I am now using the latest version of the Reunion software, called Generations Grande Suite - an interesting American spelling - but originally planned as Reunion 5. There are 12 CDs in total but for most users only the family tree and associated chart programs are really interesting. The program operates rather differently from Reunion 4 although the main screens are similar. However, it contains powerful software. For example, it provides lists of people born or christened in the same village and allows fields to be selected for inclusion on the charts. It is not cheap at 50 for the upgrade version - it needs Reunion 4 to operate - but provides a major step forward in consolidating families from the IGI.

More charts have now been constructed and a list is included in the journal.

This is my latest report:

The last few months have seen a further increase in interest in the SOLLEY variants and we have dealt with many enquiries, many of which we have added to the correspondent’s knowledge and some of which gave us more information. As with all genealogy, some high points are often followed by periods where it seems that all the jigsaw pieces are mixed up again.

New members include Lesley Brown (interested in Durham ancestors), Rosemary Bousher and Sheila Jackson (looking for a PILCHER in Folkestone in 1896).

Francis Barker sent a detailed tree back to the 1850's and, as normal, all roads lead back to Kent, in this case Canterbury. This links into my tree as my gt-gt-gt-grandfather was her ancestor’s brother. There are now 189 people in this tree.

W George Solly, a recent visitor to our shores from New Zealand, is also part of the same tree. All the New Zealand SOLLYs descend from an emigrant Edward Solly who arrived there in March 1851. George had never been to England and planned his trip with meticulous precision to coincide with the All-Blacks rugby tour. He obtained tickets for all seven matches on the understandable belief that they would play in the finals. When visiting Canterbury, he discovered a distant relative living in the same road as the youth hostel in which he was staying by the successful interrogation of the telephone directory. He also met David and Susan Solley who have a dairy farm in Deal supplying ice cream (by appointment to the Queen Mother).

My wife and I had a very interesting morning with George in which he told us that he had now achieved many of his aims in visiting England. These included visiting Wimbledon (in 1948 he had a chance to play there but circumstances dictated it was not to be); the headquarters of the World Lawn Bowls Association, Manchester United and many other places. As a footnote, he mentioned that he had listened to the news even night during the war and had heard Big Ben strike nine. One ambition was to stand at Westminster and listen again to the bells. Whilst staying in London, he did just that. Clearly, tradition is still very important to many people of UK origins and we must value it ourselves. We wish George all the very best and a safe trip back to New Zealand.

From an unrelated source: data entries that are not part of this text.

Lemma has_deriv_nonneg_cont (f : R -> R) (t l : R) :
  has_deriv_nonneg f t l ->
  filterlim (fun h => f (t + h)) (increments t) (locally (f t)).
Proof.
  intros Hf.
  assert (H : filterlim (fun h => f t + h * ((f (t + h) - f t) / h))
                (increments t) (locally (f t + 0 * l))).
  { eapply (filterlim_comp_2 _ _ Rplus (filterlim_const (f t))).
    - exact (filterlim_comp_2 _ _ Rmult (increments_id t) Hf (filterlim_mult 0 l)).
    - exact (filterlim_plus (f t) (0 * l)). }
  rewrite Rmult_0_l, Rplus_0_r in H.
  eapply filterlim_ext_loc; [|exact H].
  apply increments_nonzero. intros h Hh. field. exact Hh.
Qed.

Lemma has_deriv_nonneg_mult (f g : R -> R) (t a b : R) :
  has_deriv_nonneg f t a -> has_deriv_nonneg g t b ->
  has_deriv_nonneg (fun s => f s * g s) t (a * g t + f t * b).
Proof.
  intros Hf Hg. pose proof (has_deriv_nonneg_cont g t b Hg) as Hgc.
  eapply (filterlim_ext_loc (F := increments t)).
  2:{ eapply (filterlim_comp_2 _ _ Rplus).
      - exact (filterlim_comp_2 _ _ Rmult Hf Hgc (filterlim_mult a (g t))).
      - exact (filterlim_comp_2 _ _ Rmult (filterlim_const (f t)) Hg
                 (filterlim_mult (f t) b)).
      - exact (filterlim_plus (a * g t) (f t * b)). }
  apply increments_nonzero. intros h Hh. simpl. field. exact Hh.
Qed.

Lemma has_deriv_nonneg_scal (c : R) (f : R -> R) (t a : R) :
  has_deriv_nonneg f t a -> has_deriv_nonneg (fun s => c * f s) t (c * a).
Proof.
  intros H.
  replace (c * a) with (0 * f t + c * a) by ring.
  exact (has_deriv_nonneg_mult _ _ _ _ _ (has_deriv_nonneg_const c t) H).
Qed.

Lemma has_deriv_nonneg_sq (f : R -> R) (t a : R) :
  has_deriv_nonneg f t a -> has_deriv_nonneg (fun s => f s ^ 2) t (2 * f t * a).
Proof.
  intros H.
  replace (2 * f t * a) with (a * f t + f t * a) by ring.
  eapply has_deriv_nonneg_ext; [|exact (has_deriv_nonneg_mult _ _ _ _ _ H H)].
  intros s. simpl. ring.
Qed.

Lemma has_deriv_nonneg_fsum (N : nat) (f : nat -> R -> R) (l : nat -> R) (t : R) :
  (forall i, (i < N)%nat -> has_deriv_nonneg (f i) t (l i)) ->
  has_deriv_nonneg (fun s => fsum N (fun i => f i s)) t (fsum N l).
Proof.
  induction N as [|N IH]; intros H; simpl.
  - apply has_deriv_nonneg_const.
  - apply has_deriv_nonneg_plus; [apply IH; intros i Hi|]; apply H; lia.
Qed.

Lemma is_derive_has_deriv_nonneg (f : R -> R) (t l : R) :
  is_derive f t l -> has_deriv_nonneg f t l.
Proof.
  intros H%is_derive_Reals P [eps HP].
  destruct (H eps (cond_pos eps)) as [d Hd].
  exists d. intros h Hh [Hh0 _]. apply HP, Hd; [exact Hh0|].
  change (Rabs (h - 0) < d) in Hh. now rewrite Rminus_0_r in Hh.
Qed.

Lemma has_deriv_nonneg_is_derive (f : R -> R) (t l : R) :
  0 < t -> has_deriv_nonneg f t l -> is_derive f t l.
Proof.
  intros Ht H. apply is_derive_Reals. intros eps Heps.
  destruct (H (ball l (mkposreal eps Heps)) (locally_ball _ _)) as [d Hd].
  assert (Hm : 0 < Rmin d t) by (apply Rmin_pos; [apply cond_pos | exact Ht]).
  exists (mkposreal _ Hm). intros h Hh0 Hh. simpl in Hh.
  pose proof (Rmin_l d t). pose proof (Rmin_r d t).
  apply (Hd h).
  - change (Rabs (h - 0) < d). rewrite Rminus_0_r. lra.
  - split; [exact Hh0|]. apply Rabs_def2 in Hh. lra.
Qed.

Lemma has_deriv_nonneg_right_cont (f : R -> R) (t l : R) :
  0 <= t -> has_deriv_nonneg f t l -> filterlim f (at_right t) (locally (f t)).
Proof.
  intros Ht H P HP. destruct (has_deriv_nonneg_cont f t l H P HP) as [d Hd].
  exists d. intros s Hs Hts.
  replace s with (t + (s - t)) by ring. apply Hd.
  - change (Rabs (s - t - 0) < d). rewrite Rminus_0_r. exact Hs.
  - split; [intros E|]; lra.
Qed.

Lemma nonincreasing_of_deriv_nonpos (h dh : R -> R) :
  (forall s, 0 <= s -> has_deriv_nonneg h s (dh s)) ->
  (forall s, 0 <= s -> dh s <= 0) ->
  forall u, 0 <= u -> h u <= h 0.
Proof.
  intros Hh Hdh.
  (* The mean value theorem applies only away from 0, where h is two-sided differentiable;
     the endpoint 0 is reached by right continuity. *)
  assert (Hpos : forall s u, 0 < s <= u -> h u <= h s).
  { intros s u Hsu.
    destruct (MVT_gen h s u dh) as (c & Hc & E).
    - intros x Hx. rewrite Rmin_left, Rmax_right in Hx by lra.
      apply has_deriv_nonneg_is_derive, Hh; lra.
    - intros x Hx. rewrite Rmin_left, Rmax_right in Hx by lra.
      apply continuity_pt_filterlim, (ex_derive_continuous (K := R_AbsRing) (V := R_NormedModule)).
      exists (dh x). apply has_deriv_nonneg_is_derive, Hh; lra.
    - rewrite Rmin_left, Rmax_right in Hc by lra.
      pose proof (Hdh c ltac:(lra)).
      assert (0 <= - dh c * (u - s)) by (apply Rmult_le_pos; lra). lra. }
  intros u Hu. destruct (Req_dec u 0) as [->|Hu0]; [apply Rle_refl|].
  apply (closed_filterlim_loc (FF := Proper_StrongProper _ (at_right_proper_filter 0))
           h (fun z => h u <= z) (h 0)).
  - exact (has_deriv_nonneg_right_cont h 0 (dh 0) (Rle_refl 0) (Hh 0 (Rle_refl 0))).
  - exists (mkposreal u ltac:(lra)). intros s Hs Hs0.
    change (Rabs (s - 0) < u) in Hs. apply Hpos. apply Rabs_def2 in Hs. lra.
  - apply closed_ge.
Qed.

(* Gronwall: exp s * (f s - K) has nonpositive derivative. *)
Lemma le_Rmax_of_deriv_le_sub (f l : R -> R) (K : R) :
  (forall t, 0 <= t -> has_deriv_nonneg f t (l t)) ->
  (forall t, 0 <= t -> l t <= K - f t) ->
  forall t, 0 <= t -> f t <= Rmax (f 0) K.
Proof.
  intros Hf Hl t Ht.
  assert (Hdecr := nonincreasing_of_deriv_nonpos (fun s => exp s * (f s - K))
                     (fun s => exp s * (f s - K) + exp s * (l s + 0))).
  destruct (Rle_lt_dec (f t) K) as [HK|HK]; [eapply Rle_trans; [exact HK|apply Rmax_r]|].
  eapply Rle_trans; [|apply Rmax_l].
  assert (Hexp : 1 <= exp t) by (pose proof (exp_ineq1_le t); lra).
  enough (Hdecay : exp t * (f t - K) <= exp 0 * (f 0 - K)).
  { rewrite exp_0 in Hdecay. assert (0 <= (exp t - 1) * (f t - K)) by (apply Rmult_le_pos; lra). lra. }
  apply Hdecr; [intros s Hs | intros s Hs | exact Ht].
  - apply (has_deriv_nonneg_mult exp (fun s => f s - K)).
    + apply is_derive_has_deriv_nonneg, is_derive_exp.
    + apply (has_deriv_nonneg_plus f (fun _ => - K)); [apply Hf, Hs | apply has_deriv_nonneg_const].
  - pose proof (Hl s Hs). pose proof (exp_pos s).
    assert (0 <= exp s * (K - f s - l s)) by (apply Rmult_le_pos; lra). lra.
Qed.

Lemma fsum_ext (N : nat) (f g : nat -> R) :
  (forall i, (i < N)%nat -> f i = g i) -> fsum N f = fsum N g.
Proof.
  induction N as [|N IH]; intros H; simpl; [reflexivity|].
  rewrite IH, H; [reflexivity | lia | intros i Hi; apply H; lia].
Qed.

Lemma fsum_le (N : nat) (f g : nat -> R) :
  (forall i, (i < N)%nat -> f i <= g i) -> fsum N f <= fsum N g.
Proof.
  induction N as [|N IH]; intros H; simpl; [lra|].
  apply Rplus_le_compat; [apply IH; intros i Hi|]; apply H; lia.
Qed.

Lemma fsum_const (N : nat) (c : R) : fsum N (fun _ => c) = INR N * c.
Proof. induction N as [|N IH]; simpl fsum; [simpl; ring|]. rewrite IH, S_INR. ring. Qed.

Lemma fsum_nonneg (N : nat) (f : nat -> R) :
  (forall i, (i < N)%nat -> 0 <= f i) -> 0 <= fsum N f.
Proof.
  intros H. replace 0 with (fsum N (fun _ => 0)) by (rewrite fsum_const; ring).
  now apply fsum_le.
Qed.

Lemma fsum_plus (N : nat) (f g : nat -> R) :
  fsum N (fun i => f i + g i) = fsum N f + fsum N g.
Proof. induction N as [|N IH]; simpl; [ring|]. rewrite IH. ring. Qed.

Lemma fsum_opp (N : nat) (f : nat -> R) : fsum N (fun i => - f i) = - fsum N f.
Proof. induction N as [|N IH]; simpl; [ring|]. rewrite IH. ring. Qed.

Lemma fsum_scal_l (N : nat) (c : R) (f : nat -> R) :
  fsum N (fun i => c * f i) = c * fsum N f.
Proof. induction N as [|N IH]; simpl; [ring|]. rewrite IH. ring. Qed.

Lemma fsum_scal_r (N : nat) (f : nat -> R) (c : R) :
  fsum N (fun i => f i * c) = fsum N f * c.
Proof. induction N as [|N IH]; simpl; [ring|]. rewrite IH. ring. Qed.

Lemma fsum_swap (N M : nat) (f : nat -> nat -> R) :
  fsum N (fun i => fsum M (fun k => f i k)) = fsum M (fun k => fsum N (fun i => f i k)).
Proof.
  induction N as [|N IH]; simpl.
  - rewrite fsum_const. ring.
  - now rewrite IH, fsum_plus.
Qed.

(* Exchanging i and k in the first half of (a k - a i)^2 = (a k - a i) a k - (a k - a i) a i
   turns it into the second half, by symmetry of w. *)
Lemma fsum_sym_sq_diff (N : nat) (w : nat -> nat -> R) (a : nat -> R) :
  (forall i k, (i < N)%nat -> (k < N)%nat -> w i k = w k i) ->
  fsum N (fun i => fsum N (fun k => w k i * (a k - a i) ^ 2)) =
  -2 * fsum N (fun i => fsum N (fun k => w k i * (a k - a i) * a i)).
Proof.
  intros Hw.
  assert (Hswap : fsum N (fun i => fsum N (fun k => w k i * (a k - a i) * a k)) =
                  - fsum N (fun i => fsum N (fun k => w k i * (a k - a i) * a i))).
  { rewrite fsum_swap, <- fsum_opp.
    apply fsum_ext. intros i Hi. rewrite <- fsum_opp.
    apply fsum_ext. intros k Hk. rewrite (Hw k i Hk Hi). ring. }
  transitivity (fsum N (fun i => fsum N (fun k => w k i * (a k - a i) * a k)
                                 + - fsum N (fun k => w k i * (a k - a i) * a i))).
  - apply fsum_ext. intros i Hi. rewrite <- fsum_opp, <- fsum_plus.
    apply fsum_ext. intros k Hk. ring.
  - rewrite fsum_plus, fsum_opp, Hswap. ring.
Qed.

Definition mean_sq (N : nat) (a : nat -> R) : R := / INR N * fsum N (fun i => a i ^ 2).

Lemma mean_sq_has_deriv (N : nat) (x : nat -> R -> R) (l : nat -> R) (t : R) :
  (forall i, (i < N)%nat -> has_deriv_nonneg (x i) t (l i)) ->
  has_deriv_nonneg (fun s => mean_sq N (fun i => x i s)) t
    (/ INR N * fsum N (fun i => 2 * x i t * l i)).
Proof.
  intros H. apply has_deriv_nonneg_scal.
  apply (has_deriv_nonneg_fsum N (fun i s => x i s ^ 2)).
  intros i Hi. apply has_deriv_nonneg_sq, H, Hi.
Qed.
From mathcomp Require Import all_boot all_order all_algebra.
From mathcomp Require Import mpoly.
From Stdlib Require Import Classical ClassicalEpsilon.
Set Implicit Arguments. Unset Strict Implicit. Unset Printing Implicit Defensive.
Import GRing.Theory.
Local Open Scope ring_scope.

(* Write A := (J + E) :&: (J + E') and B := J + (E :&: E'); always B <= A.
   1. Dickson's lemma makes the strict monomial order well founded, which
      justifies every descent below.
   2. (init_sum) If F is S-nice w.r.t. G_J then in(J + F) = in(J) + in(F).
      For j + e with j in J, e in F, either a leading term survives, or the
      leading terms cancel; then lm e = lm j lies in in(J), so it is divisible
      by lm f for some f in G_J, and moving a monomial multiple of f from e
      to j keeps e in F (it is a multiple of S(f, e)) and lowers both terms.
   3. (ideal_sub_of_init_sub) If B <= A and in(A) <= in(B), then A = B, by
      division of elements of A by elements of B.
   Since E :&: E' is S-nice, (2) gives in(B) = in(J) + in(E :&: E'); the
   forward implication is then immediate and the converse is (3). *)

Lemma tail_argmin (u : nat -> nat) (N : nat) :
  exists j, (N <= j)%N /\ forall k, (N <= k)%N -> (u j <= u k)%N.
Proof.
apply: NNPP => no_min.
have descent j : (N <= j)%N -> exists k, (N <= k)%N /\ (u k < u j)%N.
  move=> Nj; apply: NNPP => no_smaller; apply: no_min; exists j; split=> // k Nk.
  by rewrite leqNgt; apply/negP => lt; apply: no_smaller; exists k.
have above v j : (N <= j)%N -> (v <= u j)%N.
  elim: v j => [//|v IHv] j Nj; have [k [Nk lt]] := descent j Nj.
  exact: leq_ltn_trans (IHv k Nk) lt.
by have := above (u N).+1 N (leqnn N); rewrite ltnn.
Qed.

(* Every sequence of naturals has a nondecreasing subsequence: take the
   successive tail minima. *)
Lemma nondecreasing_subseq (u : nat -> nat) : exists phi : nat -> nat,
  (forall k, (phi k < phi k.+1)%N) /\ (forall k, (u (phi k) <= u (phi k.+1))%N).
Proof.
pose g N := proj1_sig (constructive_indefinite_description _ (tail_argmin u N)).
have gP N : (N <= g N)%N /\ forall k, (N <= k)%N -> (u (g N) <= u k)%N.
  by rewrite /g; case: constructive_indefinite_description.
pose phi := fix phi k := if k is k'.+1 then g (phi k').+1 else g 0.
have phi_incr k : (phi k < phi k.+1)%N by case: (gP (phi k).+1).
exists phi; split=> // k.
have [M [phikE M_le]] : exists M, phi k = g M /\ (M <= phi k)%N.
  by case: k => [|k]; [exists 0 | exists (phi k).+1].
by rewrite phikE; apply: (proj2 (gP M)); apply: leq_trans M_le (ltnW (phi_incr k)).
Qed.

Section Dickson.
Variable n : nat.

Lemma coordinatewise_subseq (s : nat -> 'X_{1..n}) (l : seq 'I_n) :
  exists phi : nat -> nat, (forall k, (phi k < phi k.+1)%N) /\
    (forall i, i \in l -> forall k, (s (phi k) i <= s (phi k.+1) i)%N).
Proof.
elim: l => [|i l [phi [phi_incr phi_mono]]]; first by exists id.
have [psi [psi_incr psi_mono]] := nondecreasing_subseq (fun k => s (phi k) i).
exists (fun k => phi (psi k)); split=> [k|j].
  by apply: (homo_ltn ltn_trans).
rewrite in_cons => /orP [/eqP -> //|jl] k.
apply: (homo_leq leqnn leq_trans (f := fun k => s (phi k) j)); last exact: ltnW.
exact: phi_mono.
Qed.

Lemma dickson (s : nat -> 'X_{1..n}) : exists i j, (i < j)%N /\ (s i <= s j)%MM.
Proof.
have [phi [phi_incr phi_mono]] := coordinatewise_subseq s (enum 'I_n).
exists (phi 0), (phi 1); split=> //.
by apply/mnm_lepP => i; apply: phi_mono; rewrite mem_enum.
Qed.

Variable le : rel 'X_{1..n}.
Hypothesis Hle : monomial_order le.

Lemma mo_refl : reflexive le. Proof. by case: Hle => [[]]. Qed.
Lemma mo_anti : antisymmetric le. Proof. by case: Hle => [[]]. Qed.
Lemma mo_trans : transitive le. Proof. by case: Hle => [[]]. Qed.
Lemma mo_total : total le. Proof. by case: Hle => [[]]. Qed.
Lemma mo_addr m1 m2 m3 : le m1 m2 -> le (m1 + m3)%MM (m2 + m3)%MM.
Proof. by case: Hle => _ addr _; apply: addr. Qed.
Lemma mo_ge0 m : le 0%MM m. Proof. by case: Hle. Qed.

Lemma mo_divides a b : (a <= b)%MM -> le a b.
Proof.
by move=> ab; rewrite -(submK ab); have := mo_addr a (mo_ge0 (b - a)%MM); rewrite add0m addmC.
Qed.

Definition mlt (a b : 'X_{1..n}) : bool := le a b && (a != b).

Lemma mlt_le_trans a b c : mlt a b -> le b c -> mlt a c.
Proof.
case/andP=> ab neq_ab bc; rewrite /mlt (mo_trans ab bc); apply: contraNneq neq_ab => ac.
by apply/eqP/mo_anti; rewrite ab ac.
Qed.
Lemma image_line {l l' p q} :
  L l -> L' l' -> p <> q -> l p -> l q -> l' (f p) -> l' (f q) -> set_eq (image f l) l'.
Proof.
  intros Hl Hl' Hpq lp lq l'p l'q. destruct SE as [Hinj [Hcol [Hncol _]]].
  assert (Hfpq : f p <> f q) by (intro E; apply Hpq, Hinj, E).
  intro y. split.
  - intros [x [lx <-]].
    destruct (Hcol p q x (ex_intro _ l (conj Hl (conj lp (conj lq lx)))))
      as [m [Hm [mp [mq mx]]]].
    rewrite <- (line_unique LS' Hm Hl' Hfpq mp mq l'p l'q). exact mx.
  - intros l'y. destruct (Hsurj y) as [x <-]. exists x. split; [|reflexivity].
    assert (Hpqx : collinear L p q x).
    { apply NNPP. intro Hn. apply (Hncol p q x Hn). exists l'. auto. }
    destruct Hpqx as [m [Hm [mp [mq mx]]]].
    rewrite <- (line_unique LS Hm Hl Hpq mp mq lp lq). exact mx.
Qed.

Lemma collineation_of_surjective : collineation L L' f.
Proof.
  pose proof (proj1 SE) as Hinj.
  split; [exact Hinj|]. split; [exact Hsurj|]. split.
  - intros l Hl. destruct (proj1 (proj2 LS) l Hl) as [p [q [Hpq [lp lq]]]].
    assert (Hfpq : f p <> f q) by (intro E; apply Hpq, Hinj, E).
    destruct (line_through LS' Hfpq) as [l' [Hl' [l'p l'q]]].
    exists l'. split; [exact Hl' | exact (image_line Hl Hl' Hpq lp lq l'p l'q)].
  - intros l' Hl'. destruct (proj1 (proj2 LS') l' Hl') as [y1 [y2 [Hy [l'y1 l'y2]]]].
    destruct (Hsurj y1) as [p <-]. destruct (Hsurj y2) as [q <-].
    assert (Hpq : p <> q) by (intros ->; contradiction).
    destruct (line_through LS Hpq) as [l [Hl [lp lq]]].
    exists l. split; [exact Hl | exact (image_line Hl Hl' Hpq lp lq l'y1 l'y2)].
Qed.

End Collineation.

Definition Gk_surjective {P P' : Type} (L : (P -> Prop) -> Prop) (L' : (P' -> Prop) -> Prop)
  (f : P -> P') (k : nat) : Prop :=
  forall T, subspace L' T -> dimension L' T k ->
    exists U, subspace L U /\ dimension L U k /\ set_eq (closure L' (image f U)) T.

Section Grassmann.

Context {P P' : Type} {L : (P -> Prop) -> Prop} {L' : (P' -> Prop) -> Prop} {f : P -> P'}.
Context {n : nat}.
Hypotheses (PS : projective_space L) (Hn : dimension L (@whole P) n).
Hypotheses (EX' : exchange_axiom L') (Hn' : dimension L' (@whole P') n).
Hypothesis SE : strong_embedding L L' f.
Let EX : exchange_axiom L := exchange_of_projective PS.

Lemma subset_adjoin_of_image {U1 U2 T k x} :
  dimension L U1 (S k) -> ~ U1 x -> U2 x ->
  subspace L' T -> dimension L' T (S (S k)) -> subset (image f (fun v => U1 v \/ U2 v)) T ->
  subset U2 (closure L (adjoin U1 x)).
Proof.
  intros DU1 U1x U2x HT DT HfT.
  set (W := closure L (fun v => U1 v \/ U2 v)).
  destruct (subspace_dimension EX Hn (closure_subspace _)
              (subset_closure (fun v => U1 v \/ U2 v) x (or_intror U2x)))
    as [d DW].
  assert (DU1x : dimension L (closure L (adjoin U1 x)) (S (S k)))
    by exact (dimension_adjoin EX DU1 U1x).
  assert (HU1xW : subset (closure L (adjoin U1 x)) W)
    by (apply closure_mono; intros v [U1v | ->]; [left | right]; assumption).
  assert (Hd : d = S (S k)).
  { pose proof (dimension_le EX DU1x DW HU1xW).
    pose proof (dimension_le_of_image SE EX' DW HT DT (image_closure_subset SE HT HfT)).
    lia. }
  subst d. rewrite (dimension_subset_eq EX DU1x DW (closure_subspace _) HU1xW).
  intros v U2v. apply subset_closure. right. exact U2v.
Qed.

Lemma Gk_surjective_pred {k} : S k < n -> Gk_surjective L L' f (S k) -> Gk_surjective L L' f k.
Proof.
  intros Hk Hsurj V' HV' DV'.
  destruct (dimension_lt_whole Hn' DV' (ltac:(lia) : k < n)) as [a' Ha'].
  set (T1 := closure L' (adjoin V' a')).
  assert (DT1 : dimension L' T1 (S k)) by exact (dimension_adjoin EX' DV' Ha').
  destruct (dimension_lt_whole Hn' DT1 Hk) as [b' Hb'].
  set (T2 := closure L' (adjoin V' b')).
  assert (DT2 : dimension L' T2 (S k)).
  { apply (dimension_adjoin EX' DV'). intro V'b'. apply Hb', subset_closure. left. exact V'b'. }
  destruct (Hsurj T1 (closure_subspace _) DT1) as [U1 [HU1 [DU1 E1]]]. apply set_ext in E1.
  destruct (Hsurj T2 (closure_subspace _) DT2) as [U2 [HU2 [DU2 E2]]]. apply set_ext in E2.
  assert (HfU1 : forall v, U1 v -> T1 (f v))
    by (intros v Hv; rewrite <- E1; apply subset_closure; exists v; auto).
  assert (HfU2 : forall v, U2 v -> T2 (f v))
    by (intros v Hv; rewrite <- E2; apply subset_closure; exists v; auto).
  assert (Hx : exists x, U2 x /\ ~ U1 x).
  { apply NNPP. intro Hno. apply Hb'.
    assert (E : U2 = U1).
    { apply (dimension_subset_eq EX DU2 DU1 HU1). intros v U2v.
      apply NNPP. intro U1v. apply Hno. exists v. auto. }
    rewrite <- E1, <- E, E2. apply subset_closure. right. reflexivity. }
  destruct Hx as [x [U2x U1x]].
  assert (HU2U1x : subset U2 (closure L (adjoin U1 x))).
  { apply (subset_adjoin_of_image DU1 U1x U2x (closure_subspace (adjoin T1 b'))
             (dimension_adjoin EX' DT1 Hb')).
    intros y [v [[U1v | U2v] <-]].
    - apply subset_closure. left. exact (HfU1 v U1v).
    - generalize (HfU2 v U2v). apply closure_sub_closure.
      intros w [V'w | ->]; apply subset_closure; [left; apply subset_closure; left | right]; auto. }
  assert (DI := dimension_inter_adjoin PS Hn HU2 HU1 DU2 U2x U1x HU2U1x).
  exists (fun v => U2 v /\ U1 v). split; [exact (subspace_inter HU2 HU1)|]. split; [exact DI|].
  assert (Himg : closure L' (image f (fun v => U2 v /\ U1 v)) = V').
  { apply (dimension_subset_eq EX' (dimension_image SE EX' DI) DV' HV').
    apply (closure_min HV'). intros y [v [[U2v U1v] <-]].
    exact (adjoin_inter EX' HV' Hb' (HfU1 v U1v) (HfU2 v U2v)). }
  rewrite Himg. intro y. reflexivity.
Qed.

Lemma surjective_of_Gk_surjective {k} :
  k < n -> Gk_surjective L L' f k -> forall y, exists x, f x = y.
Proof.
  intros Hk Hsurj y.
  assert (Hsurj0 : Gk_surjective L L' f 0).
  { induction k as [|k IH]; [exact Hsurj|].
    apply IH; [lia | exact (Gk_surjective_pred Hk Hsurj)]. }
  destruct (Hsurj0 _ (subspace_point y) (dimension_point y)) as [U [_ [DU HU]]].
  destruct (dimension_nonempty DU) as [x Ux].
  exists x. apply (proj1 (HU (f x))), subset_closure. exists x. auto.
Qed.

End Grassmann.

Theorem proposition2p4 (P P' : Type) (L : (P -> Prop) -> Prop)
  (L' : (P' -> Prop) -> Prop) (n : nat) (f : P -> P') :
  projective_space L -> dimension L (@whole P) n ->
  linear_space L' -> dimension L' (@whole P') n -> exchange_axiom L' ->
  strong_embedding L L' f ->
  (exists k, k < n /\ Gk_bijective L L' f k) ->
  collineation L L' f.
Proof.
  (* Only the surjectivity half of the bijectivity of G_k(f) is needed. *)
  intros PS Hn LS' Hn' EX' SE [k [Hk [_ Hsurj]]].
  apply (collineation_of_surjective (proj1 PS) LS' SE).
  exact (surjective_of_Gk_surjective PS Hn EX' Hn' SE Hk Hsurj).
Qed.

Nan Ames living in British Columbia also joined. We found information she was seeking in the 1881 Census leading back to 1803 to a Thomas Wicks SoIly. We have not yet connected him back any further.

Terence Sooley has joined and we hope he may be able to help sort out the SOOLEYs. There is only one incidence found so far of SOLLEY and SOOLEY from the same family. Another new member, Lynda Burlingham, is interested in William and Charlotte Solley. We have provided some information and she is working to fill in the gaps.

Elizabeth and I were pleased to welcome Keith Parry, Susan Solley (interested in Ramsgate SOLLEYs) and Hazel Handley. Hazel has provided information from the 1881 census showing that SOLLEY was recorded for her ancestors as LOLLEY. This is one to watch for, as I had no record of this family. We are now compiling the Ramsgate records as we have at least three members interested in that area. Whether we will be able to trace who moved from Ash to Ramsgate is another question.

Finally, I received correspondence from a very nice lady in Holland, Petronella Elema, who sent me an extract from a book on working men's clubs, the subject of an article in this journal.